* **Task directions**
Every line below from the one containing "Variable Gam : R" through the one containing "Hypothesis i_bound : forall" must be transcribed exactly. Omit all lines outside that stretch.

* **Record extracts**
■ ■ ■
(* Let $\Gamma$ be an inhomogeneous $Y$-semigroup. Assume that $Y_1 \subseteq \mathcal{D}(A_\Gamma)$ and that $\Gamma$ is $Y_1$-super strongly $s$-continuous and $Y_1$-strongly $t$-continuous. Then \[ \frac{\partial}{\partial s} \Gamma(s,t)f=-A_\Gamma(s) \Gamma(s,t)f \qquad \forall (s,t) \in \Delta_J,\ \forall f \in Y_1 . \]
   Context: Let $(Y,\|\cdot\|)$ be a real separable Banach space and $(Y_1,\|\cdot\|_{Y_1})$ a real separable Banach space continuously embedded in $Y$ (i.e. $Y_1\subseteq Y$ and $\|f\|\le c_1\|f\|_{Y_1}$ for all $f\in Y_1$, for some constant $c_1$). $\mathcal B(Y)$ denotes the bounded linear operators on $Y$. $J$ is either $\mathbb{R}^+$ or $[0,T_\infty]$ for some $T_\infty>0$, and $\Delta_J=\{(s,t)\in J^2: s\le t\}$, $J(s)=\{t\in J: t\ge s\}$. An inhomogeneous $Y$-semigroup is a map $\Gamma:\Delta_J\to\mathcal B(Y)$ with $\Gamma(t,t)=I$ for all $t\in J$ and $\Gamma(s,r)\Gamma(r,t)=\Gamma(s,t)$ whenever $s\le r\le t$ in $J$. Its generator: for $t\in J$, $\mathcal D(A_\Gamma(t))$ is the set of $f\in Y$ such that $\lim_{h\downarrow0,\,t+h\in J}h^{-1}(\Gamma(t,t+h)-I)f$ and $\lim_{h\downarrow 0,\,t-h\in J}h^{-1}(\Gamma(t-h,t)-I)f$ exist in $Y$ and are equal, $A_\Gamma(t)f$ being this common value; $\mathcal D(A_\Gamma)=\bigcap_{t\in J}\mathcal D(A_\Gamma(t))$. All limits are in the $Y$-norm unless stated. $\Gamma$ is $Y_1$-strongly $t$-continuous if for every $f\in Y_1$ and $s\in J$ the map $u\mapsto\Gamma(s,u)f$ is continuous from $J(s)$ into $(Y,\|\cdot\|)$. $\Gamma$ is $Y_1$-super strongly $s$-continuous if $\Gamma(s,t)Y_1\subseteq Y_1$ for all $(s,t)\in\Delta_J$ and, for every $f\in Y_1$ and $t\in J$, the map $u\mapsto\Gamma(u,t)f$ is continuous on $\{u\in J:u\le t\}$ for the norm $\|\cdot\|_{Y_1}$. Derivatives at endpoints of the domain are one-sided. *)

From HB Require Import structures.
From mathcomp Require Import all_boot all_order all_algebra.
From mathcomp Require Import all_classical all_reals all_analysis.
Set Implicit Arguments. Unset Strict Implicit. Unset Printing Implicit Defensive.
Import Order.TTheory GRing.Theory Num.Theory.
Import numFieldNormedType.Exports.
Local Open Scope classical_set_scope.
Local Open Scope ring_scope.

Definition separable {R : realType} (V : normedModType R) : Prop :=
  exists D : set V, countable D /\ closure D = [set: V].

Definition time_interval {R : realType} (J : set R) : Prop :=
  J = `[0, +oo[%classic \/ exists Tinf : R, 0 < Tinf /\ J = `[0, Tinf]%classic.

Definition inhom_semigroup {R : realType} {Y : normedModType R}
  (J : set R) (Gam : R -> R -> {linear Y -> Y}) : Prop :=
  (forall s t, J s -> J t -> s <= t -> continuous (Gam s t)) /\
  (forall t, J t -> forall f, Gam t t f = f) /\
  (forall s r t, J s -> J r -> J t -> s <= r -> r <= t ->
     forall f, Gam s r (Gam r t f) = Gam s t f).

(* One-sided limits, h decreasing to 0, restricted to the admissible h
   (vacuous when no admissible h exists, i.e. one-sided at endpoints). *)
Definition right_lim_at0 {R : realType} {Y : normedModType R}
  (adm : R -> Prop) (F : R -> Y) (l : Y) : Prop :=
  forall e : R, 0 < e -> exists d : R, 0 < d /\
    forall h : R, 0 < h -> h < d -> adm h -> `|F h - l| < e.

(* g = A_Gamma(t) f, i.e. f \in D(A_Gamma(t)) with A_Gamma(t) f = g:
   both limits h^{-1}(Gamma(t,t+h)-I)f and h^{-1}(Gamma(t-h,t)-I)f
   (h decreasing to 0, t+h resp. t-h in J) exist and equal g. *)
Definition generator_at {R : realType} {Y : normedModType R}
  (J : set R) (Gam : R -> R -> {linear Y -> Y}) (t : R) (f g : Y) : Prop :=
  right_lim_at0 (fun h => J (t + h)) (fun h => h^-1 *: (Gam t (t + h) f - f)) g /\
  right_lim_at0 (fun h => J (t - h)) (fun h => h^-1 *: (Gam (t - h) t f - f)) g.

Definition deriv_within {R : realType} {Y : normedModType R}
  (D : set R) (F : R -> Y) (s : R) (d : Y) : Prop :=
  right_lim_at0 (fun h => D (s + h)) (fun h => h^-1 *: (F (s + h) - F s)) d /\
  right_lim_at0 (fun h => D (s - h)) (fun h => (- h)^-1 *: (F (s - h) - F s)) d.

From HB Require Import structures.
From mathcomp Require Import all_boot all_order all_algebra.
From mathcomp Require Import all_classical all_reals all_analysis.
Import Order.TTheory GRing.Theory Num.Theory.
Import numFieldNormedType.Exports.

(** Write [Gam u t f = i (G u)] with [G] continuous into [Y1]. The backward
    quotient from the left is, by the evolution law, minus the generator
    quotient at [s] applied to [Gam s t f]. From the right,
    [(Gam (s+h) t f - Gam s t f) / h = - (Gam s (s+h) - I)/h (i (G (s+h)))],
    an operator family applied to a moving vector; the operators
    [(Gam s (s+h) - I)/h] on [Y1] converge pointwise, so by Banach-Steinhaus
    they are equibounded along every null sequence, and continuity of [G] at
    [s] lets the vector be frozen at [G s]. *)

Set Implicit Arguments. Unset Strict Implicit. Unset Printing Implicit Defensive.

Local Open Scope classical_set_scope.
Local Open Scope ring_scope.

Section right_limits.
Variables (R : realType) (V : normedModType R).
Implicit Types (adm : R -> Prop) (F : R -> V).

Lemma sub_right_lim_at0 adm adm' F l : (forall h, adm' h -> adm h) ->
  right_lim_at0 adm F l -> right_lim_at0 adm' F l.
Proof.
move=> sub_adm Fl e e0; have [d [d0 Hd]] := Fl e e0.
by exists d; split => // h h0 hd /sub_adm; exact: Hd.
Qed.

Lemma eq_right_lim_at0 adm F F' l :
  (forall h, 0 < h -> adm h -> F' h = F h) ->
  right_lim_at0 adm F l -> right_lim_at0 adm F' l.
Proof.
move=> eqF Fl e e0; have [d [d0 Hd]] := Fl e e0.
by exists d; split => // h h0 hd ah; rewrite eqF //; exact: Hd.
Qed.

Lemma right_lim_at0N adm F l :
  right_lim_at0 adm F l -> right_lim_at0 adm (fun h => - F h) (- l).
Proof.
move=> Fl e e0; have [d [d0 Hd]] := Fl e e0.
by exists d; split => // h h0 hd ah; rewrite -opprD normrN; exact: Hd.
Qed.

End right_limits.

Lemma natSinv_lt_eventually {R : realType} {d : R} : 0 < d ->
  exists N, forall n, (N <= n)%N -> n.+1%:R^-1 < d.
Proof.
by move=> d0; have [N _ HN] := near_infty_natSinv_lt (PosNum d0); exists N.
Qed.

Definition adm_null_seq {R : realType} (adm : R -> Prop) (hs : nat -> R) :=
  forall n, [/\ 0 < hs n, hs n < n.+1%:R^-1 & adm (hs n)].

Section null_sequences.
Variables (R : realType) (V : normedModType R).
Implicit Types (adm : R -> Prop) (F : R -> V) (hs : nat -> R).

Lemma not_right_lim_at0_seq adm F l : ~ right_lim_at0 adm F l ->
  exists2 e, 0 < e & exists2 hs, adm_null_seq adm hs &
    forall n, e <= `|F (hs n) - l|.
Proof.
move=> /existsNP[e /not_implyP[e0 /forallNP far]]; exists e => //.
have far_n n : exists h, [/\ 0 < h, h < n.+1%:R^-1, adm h & e <= `|F h - l|].
  have /not_andP[|/existsNP[h]] := far n.+1%:R^-1; first by rewrite invr_gt0.
  move=> /not_implyP[h0 /not_implyP[hn /not_implyP[ah /negP]]].
  by rewrite -leNgt => ?; exists h.
have [hs Hhs] := choice far_n; exists hs => n; by case: (Hhs n).
Qed.

Lemma right_lim_at0_seq_bounded adm F l hs :
  right_lim_at0 adm F l -> adm_null_seq adm hs ->
  exists M, forall n, `|F (hs n)| <= M.
Proof.
move=> Fl null; have [d [d0 Hd]] := Fl 1 ltr01.
have [N HN] := natSinv_lt_eventually d0.
exists (`|l| + 1 + \sum_(k < N) `|F (hs k)|) => n.
have [h0 hn ah] := null n.
have [Nn|nN] := leqP N n; last first.
  rewrite (bigD1 (Ordinal nN)) //= addrCA lerDl.
  by rewrite !addr_ge0 // sumr_ge0.
apply: (@le_trans _ _ (`|l| + 1)); last by rewrite lerDl sumr_ge0.
rewrite -(subrK l (F (hs n))) addrC (le_trans (ler_normD _ _)) // lerD2l.
exact/ltW/Hd/ah/(lt_trans hn (HN n Nn)).
Qed.

End null_sequences.

Lemma continuous_linear_norm_bound (R : realType) (V W : normedModType R)
  (f : {linear V -> W}) :
  continuous f -> exists M, forall x, `|f x| <= M * `|x|.
Proof.
move=> /linear_bounded_continuous/linear_boundedP[M [_ HM]].
by exists (M + 1); apply: HM; rewrite ltrDl.
Qed.

Lemma linear_equibounded (R : realType) (V : completeNormedModType R)
  (W : normedModType R) (T : nat -> {linear V -> W}) :
  (forall n, exists C, forall x, `|T n x| <= C * `|x|) ->
  (forall x, exists M, forall n, `|T n x| <= M) ->
  exists2 M, 0 < M & forall n x, `|T n x| <= M * `|x|.
Proof.
move=> Tbd Tptw.
pose F := [set (T n : V -> W) | n in [set: nat]].
have [||M HM] := @Banach_Steinhauss _ V W F _ _ 1.
- move=> _ [n _ <-]; split; last exact: linearP.
  have [C HC] := Tbd n; move=> r; exists (`|C| * `|r|) => x xr.
  apply: (le_trans (HC x)).
  apply: (le_trans (ler_wpM2r (normr_ge0 x) (ler_norm C))).
  by rewrite ler_wpM2l // (le_trans xr (ler_norm r)).
- move=> x; have [M HM] := Tptw x; exists M => _ [n _ <-]; exact: HM.
exists (`|M| + 1); first by rewrite ltr_pwDr.
move=> n x; have [->|x0] := eqVneq x 0; first by rewrite linear0 !normr0 mulr0.
have nx0 : 0 < `|x| by rewrite normr_gt0.
have : `|T n (`|x|^-1 *: x)| <= M.
  apply: HM; first by exists n.
  by rewrite normrZ normfV normr_id mulVf ?gt_eqF.
rewrite linearZ normrZ normfV normr_id ler_pdivrMl // mulrC => /le_trans; apply.
by rewrite ler_wpM2r // (le_trans (ler_norm M)) // lerDl.
Qed.

Lemma right_lim_at0_linear_apply (R : realType) (V : completeNormedModType R)
  (W : normedModType R) (adm : R -> Prop) (T : R -> {linear V -> W})
  (x : R -> V) (x0 : V) (g : W) :
  (forall h, 0 < h -> adm h -> exists C, forall y, `|T h y| <= C * `|y|) ->
  (forall y, exists gy, right_lim_at0 adm (fun h => T h y) gy) ->
  right_lim_at0 adm (fun h => T h x0) g -> right_lim_at0 adm x x0 ->
  right_lim_at0 adm (fun h => T h (x h)) g.
Proof.
(* Pointwise convergence only bounds [T h y] for small [h], so the uniform
   boundedness principle is applied to [T] along a null sequence. *)
move=> Tbd Tptw Tx0 xx0; apply: contrapT.
move=> /not_right_lim_at0_seq[e e0 [hs null far]].
have [M M0 HM] : exists2 M, 0 < M & forall n y, `|T (hs n) y| <= M * `|y|.
  apply: (linear_equibounded (T := T \o hs)) => [n|y].
    by have [h0 _ ah] := null n; exact: Tbd.
  by have [gy Hy] := Tptw y; exact: right_lim_at0_seq_bounded Hy null.
have e20 : 0 < e / 2 by rewrite divr_gt0.
have [d1 [d10 Hd1]] := Tx0 _ e20.
have [d2 [d20 Hd2]] := xx0 _ (divr_gt0 e20 M0).
have d0 : 0 < Num.min d1 d2 by rewrite lt_min d10 d20.
have [N HN] := natSinv_lt_eventually d0.
have [h0 hN ah] := null N.
have /(lt_trans hN) := HN N (leqnn N); rewrite lt_min => /andP[hd1 hd2].
have := far N; rewrite leNgt => /negP; apply.
have -> : T (hs N) (x (hs N)) - g =
    T (hs N) (x (hs N) - x0) + (T (hs N) x0 - g).
  by rewrite linearB addrA subrK.
rewrite [e]splitr; apply: le_lt_trans (ler_normD _ _) _.
apply: ltrD; last exact: Hd1.
by apply: le_lt_trans (HM _ _) _; rewrite -ltr_pdivlMl // mulrC; exact: Hd2.
Qed.

Lemma within_continuous_right_lim_at0 (R : realType) (V : normedModType R)
  (A : set R) (G : R -> V) s : {within A, continuous G} -> A s ->
  right_lim_at0 (fun h => A (s + h)) (fun h => G (s + h)) (G s).
Proof.
move=> /subspace_continuousP /(_ s) cG As e e0.
have /cvgrPdist_lt/(_ e e0)/nbhs_ballP[d d0 Hd] := cG As.
exists d; split => // h h0 hd Ash; rewrite distrC; apply: Hd => //.
by rewrite -ball_normE /ball_ /= opprD addrA subrr add0r normrN gtr0_norm.
Qed.

Section difference_quotient.
Variables (R : realType) (U V : normedModType R).
Variables (P : {linear V -> V}) (i : {linear U -> V}) (h : R).

Definition diff_quot (y : U) : V := h^-1 *: (P (i y) - i y).

Lemma diff_quot_linear : linear diff_quot.
Proof.
move=> a y z; rewrite /diff_quot !linearP scalerA mulrC -scalerA -scalerDr.
by rewrite scalerBr /= scalerN addrACA.
Qed.

HB.instance Definition _ :=
  GRing.isLinear.Build R U V *:%R diff_quot diff_quot_linear.

Lemma diff_quot_bounded (c1 : R) : continuous P ->
  (forall y, `|i y| <= c1 * `|y|) ->
  exists C, forall y, `|diff_quot y| <= C * `|y|.
Proof.
move=> /continuous_linear_norm_bound[M HM] i_bound.
have HP x : `|P x| <= `|M| * `|x|.
  exact: le_trans (HM x) (ler_wpM2r (normr_ge0 _) (ler_norm M)).
exists (`|h^-1| * ((`|M| + 1) * c1)) => y.
rewrite /diff_quot normrZ -mulrA ler_wpM2l //.
apply: le_trans (ler_normB _ _) _.
apply: (@le_trans _ _ ((`|M| + 1) * `|i y|)).
  by rewrite mulrDl mul1r lerD2r.
by rewrite -mulrA ler_wpM2l // addr_ge0.
Qed.

End difference_quotient.

Section backward_derivative.
Variables (R : realType) (Y : normedModType R) (J : set R).
Variable Gam : R -> R -> {linear Y -> Y}.
Hypothesis Gam_comp : forall s r t, J s -> J r -> J t -> s <= r -> r <= t ->
  forall f, Gam s r (Gam r t f) = Gam s t f.

Lemma backward_left_deriv s t f g : J s -> J t -> s <= t ->
  right_lim_at0 (fun h => J (s - h))
    (fun h => h^-1 *: (Gam (s - h) s (Gam s t f) - Gam s t f)) g ->
  right_lim_at0 (fun h => J (s - h) /\ s - h <= t)
    (fun h => (- h)^-1 *: (Gam (s - h) t f - Gam s t f)) (- g).
Proof.
move=> Js Jt st gen.
apply: (eq_right_lim_at0 _ (sub_right_lim_at0 _ (right_lim_at0N gen))).
  move=> h h0 [Jsh _].
  have sh_s : s - h <= s by rewrite lerBlDr lerDl ltW.
  by rewrite Gam_comp // invrN scaleNr.
by move=> h [].
Qed.

Variables (Y1 : completeNormedModType R) (i : {linear Y1 -> Y}) (c1 : R).
Hypothesis i_bound : forall y, `|i y| <= c1 * `|y|.
Hypothesis Gam_cont : forall s t, J s -> J t -> s <= t -> continuous (Gam s t).
Hypothesis Y1_sub_dom : forall (y : Y1) s, J s ->
  exists g, generator_at J Gam s (i y) g.

Lemma backward_right_deriv s t f (G : R -> Y1) g : J s -> J t -> s <= t ->
  (forall u, J u -> u <= t -> i (G u) = Gam u t f) ->
  {within [set u | J u /\ u <= t], continuous G} ->
  right_lim_at0 (fun h => J (s + h))
    (fun h => h^-1 *: (Gam s (s + h) (Gam s t f) - Gam s t f)) g ->
  right_lim_at0 (fun h => J (s + h) /\ s + h <= t)
    (fun h => h^-1 *: (Gam (s + h) t f - Gam s t f)) (- g).
Proof.
move=> Js Jt st iG cG gen.
pose adm h := J (s + h) /\ s + h <= t.
have adm_J h : adm h -> J (s + h) by case.
have sh_s h : 0 < h -> s <= s + h by move=> h0; rewrite lerDl ltW.
have lim : right_lim_at0 adm
    (fun h => diff_quot (Gam s (s + h)) i h (G (s + h))) g.
  apply: (right_lim_at0_linear_apply (x0 := G s)).
  - move=> h h0 [Jsh _]; apply: (diff_quot_bounded _ _ i_bound).
    exact: Gam_cont (sh_s h h0).
  - move=> y; have [gy [gyr _]] := Y1_sub_dom y Js.
    by exists gy; exact: sub_right_lim_at0 adm_J gyr.
  - by rewrite /= /diff_quot iG //; exact: sub_right_lim_at0 adm_J gen.
  - exact: within_continuous_right_lim_at0 cG (conj Js st).
apply: eq_right_lim_at0 (right_lim_at0N lim) => h h0 [Jsh sht].
by rewrite /diff_quot iG // Gam_comp // ?sh_s // -scalerN opprB.
Qed.

End backward_derivative.

Theorem theorem2p6 (R : realType)
  (Y : completeNormedModType R) (Y1 : completeNormedModType R)
  (i : {linear Y1 -> Y})
  (J : set R) (Gam : R -> R -> {linear Y -> Y}) :
  separable Y -> separable Y1 ->
  injective i -> (exists c1 : R, forall f : Y1, `|i f| <= c1 * `|f|) ->
  time_interval J ->
  inhom_semigroup J Gam ->
  (* Y1 is contained in D(A_Gamma) *)
  (forall (f : Y1) (t : R), J t -> exists g : Y, generator_at J Gam t (i f) g) ->
  (* Y1-super strongly s-continuous *)
  (forall s t, J s -> J t -> s <= t ->
     forall f : Y1, exists g : Y1, Gam s t (i f) = i g) ->
  (forall (f : Y1) (t : R), J t ->
     exists G : R -> Y1,
       (forall u, J u -> u <= t -> i (G u) = Gam u t (i f)) /\
       {within [set u | J u /\ u <= t], continuous G}) ->
  (* Y1-strongly t-continuous *)
  (forall (f : Y1) (s : R), J s ->
     {within [set u | J u /\ s <= u], continuous (fun u => Gam s u (i f))}) ->
  forall s t, J s -> J t -> s <= t -> forall f : Y1,
    exists g : Y,
      generator_at J Gam s (Gam s t (i f)) g /\
      deriv_within [set u | J u /\ u <= t] (fun u => Gam u t (i f)) s (- g).
Proof.
move=> _ _ _ [c1 i_bound] _ [Gam_cont [_ Gam_comp]] Y1_sub_dom _ Y1_lift _.
move=> s t Js Jt st f.
have [G [iG cG]] := Y1_lift f t Jt.
have [g gen] := Y1_sub_dom (G s) s Js.
rewrite iG // in gen; exists g; split => //; split.
- exact: (backward_right_deriv Gam_comp i_bound Gam_cont Y1_sub_dom
           Js Jt st iG cG gen.1).
- exact: (backward_left_deriv Gam_comp Js Jt st gen.2).
Qed.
■ ■ ■
* **Solution for this problem**
Variable Gam : R -> R -> {linear Y -> Y}.
Hypothesis Gam_comp : forall s r t, J s -> J r -> J t -> s <= r -> r <= t ->
  forall f, Gam s r (Gam r t f) = Gam s t f.

Lemma backward_left_deriv s t f g : J s -> J t -> s <= t ->
  right_lim_at0 (fun h => J (s - h))
    (fun h => h^-1 *: (Gam (s - h) s (Gam s t f) - Gam s t f)) g ->
  right_lim_at0 (fun h => J (s - h) /\ s - h <= t)
    (fun h => (- h)^-1 *: (Gam (s - h) t f - Gam s t f)) (- g).
Proof.
move=> Js Jt st gen.
apply: (eq_right_lim_at0 _ (sub_right_lim_at0 _ (right_lim_at0N gen))).
  move=> h h0 [Jsh _].
  have sh_s : s - h <= s by rewrite lerBlDr lerDl ltW.
  by rewrite Gam_comp // invrN scaleNr.
by move=> h [].
Qed.

Variables (Y1 : completeNormedModType R) (i : {linear Y1 -> Y}) (c1 : R).
Hypothesis i_bound : forall y, `|i y| <= c1 * `|y|.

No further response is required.